这是一个对 Rose, S., Engel, D., Cramer, N., & Cowley, W. (2010). Automatic Keyword Extraction from Individual Documents. In M. W. Berry & J. Kogan (Eds.), Text Mining: Theory and Applications: John Wiley & Sons. 中提及的 Rapid Automatic Keyword Extraction 在中文上的应用, MIT License
代码写于 Python 版本 3.6.5; 此应用使用了中文分词工具结巴 https://github.com/fxsjy/jieba 可用 pip install jieba
安装结巴。
使用 RAKE 算法从中文段落中选取关键词
A Python implementation of the Rapid Automatic Keyword Extraction (RAKE) algorithm as described in: Rose, S., Engel, D., Cramer, N., & Cowley, W. (2010). Automatic Keyword Extraction from Individual Documents. In M. W. Berry & J. Kogan (Eds.), Text Mining: Theory and Applications: John Wiley & Sons. Codebase in MIT License
This package requires the Chinese text segmentation package Jieba. Run install through requirements.txt
RAKE Keyword Extraction is an algorithm that is by design corpus-independent and language-independent. In a nutshell, it calculates scores for words based on its independent occurrence and its occurrence in phrases, and then combine all scores for every word inside a phrase to get the score for the phrase, with some additional criterias to eliminate boundary conditions.
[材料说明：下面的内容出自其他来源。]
Definition minimal_vertex_cover (n t : nat) (F : {set 'I_n}) : Prop :=
  vertex_cover t F /\ (forall G : {set 'I_n}, G \proper F -> ~ vertex_cover t G).

(* Sort F as i_1 < ... < i_r and pad it with i_0 = 0 and i_(r+1) = n + 1.
   F meets every facet {i+1, ..., i+t} iff every gap i_(k+1) - i_k is at most t,
   and i_k is irredundant iff some facet contains i_k alone, i.e. iff
   i_(k+1) - i_(k-1) > t; conditions (1)-(6) are exactly these two gap conditions.
   On the algebraic side, p_F is the kernel of the substitution x_i := 0 (i in F),
   hence prime, and a prime containing I_t(L_n) contains a variable of every
   generator u_i, hence contains p_F for some minimal vertex cover F. *)

From HB Require Import structures.
From mathcomp Require Import all_boot all_order all_algebra.
From mathcomp Require Import mpoly.
From mathcomp Require Import zify.
From Stdlib Require Import Classical ClassicalEpsilon FunctionalExtensionality PropExtensionality.
Set Implicit Arguments. Unset Strict Implicit. Unset Printing Implicit Defensive.

Lemma exists_bracket (f : nat -> nat) i N : f 0 <= i -> i < f N ->
  exists2 k, k < N & f k <= i < f k.+1.
Proof.
elim: N => [|N IH] f0i ifN; first lia.
have [fNi|ifN'] := leqP (f N) i; first by exists N => //; apply/andP.
by have [k kN fk] := IH f0i ifN'; exists k => //; lia.
Qed.

Section PaddedSequence.
Variables (e : nat -> nat) (r n t : nat).
Hypotheses (e0 : e 0 = 0) (e_last : e r.+1 = n.+1)
  (e_incr : forall a b, a < b -> b <= r.+1 -> e a < e b).

(* The facet with 0-based start [i] is [{i+1, ..., i+t}] in the 1-based
   coordinates carried by [e]. *)
Definition hits i k := i < e k.+1 <= i + t.

Definition short_gaps := forall k, k <= r -> e k.+1 <= e k + t.

Definition long_double_gaps := forall k, k < r -> e k + t < e k.+2.

Lemma e_ltn_rev a b : a <= r.+1 -> b <= r.+1 -> e a < e b -> a < b.
Proof.
move=> ar br eab; case: (ltngtP a b) => // [ba|ab]; last by move: eab; rewrite ab ltnn.
by have := e_incr ba ar; lia.
Qed.

Lemma e_le_last k : k <= r.+1 -> e k <= n.+1.
Proof.
rewrite -e_last leq_eqVlt => /orP [/eqP -> //|kr].
exact: ltnW (e_incr kr _).
Qed.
This method however, cannot be directly applied to Chinese since first, there are no obvious word deliminators and second when we come to parsing phrases, there's more variety to it than that in English and other language with similar syntaxes.
Generation of "Word" and "Phrases" as needed by RAKE algorithm sought help from another Chinese Text Segmentation package, Jieba. Jieba is used to cut raw texts into segments of word. Then the list is filter with PoS property, stopword and conjunction word list and punctuation list to parse phrases.
See example.py
Take news article at this link for example: http://www.pingwest.com/sony-expo-2018-at-chengdu/
Sample output in the following, with the output of this implementation in the last line
TextRank4ZH-关键词:
索尼, 索粉, 粉丝, 上, 业务, 破产, sony, 人, 会, 产品
jieba-关键词:
平井, 一夫, 粉丝, 魅力, 产品, 中国, 业务, 财年, 偶像, 成都
KeyExtract-关键词:
索尼, 索粉, 平井, 一夫, 魅力, 一个, 财年, 粉丝, 赏, 亿日元
TextRank4ZH-关键词:
平井一夫, 索尼魅力, 索尼中国
jieba-关键短语:(N/A)
KeyExtract-关键短语:(N/A)
Rake4ZH-关键短语:
名字——索尼魅力赏, 游戏作品软件销量, 高质量消费电子品产, 索尼游戏业务正式回, 放心——, 游戏销量超, 全球销量超, 款精品 , 款游戏作品, 伙伴合作补完
Rake 中文关键短语/词
平井一夫, 营业利润, 游戏, 正式, 明星, 总裁, 改革, 高桥洋, 中国, 利润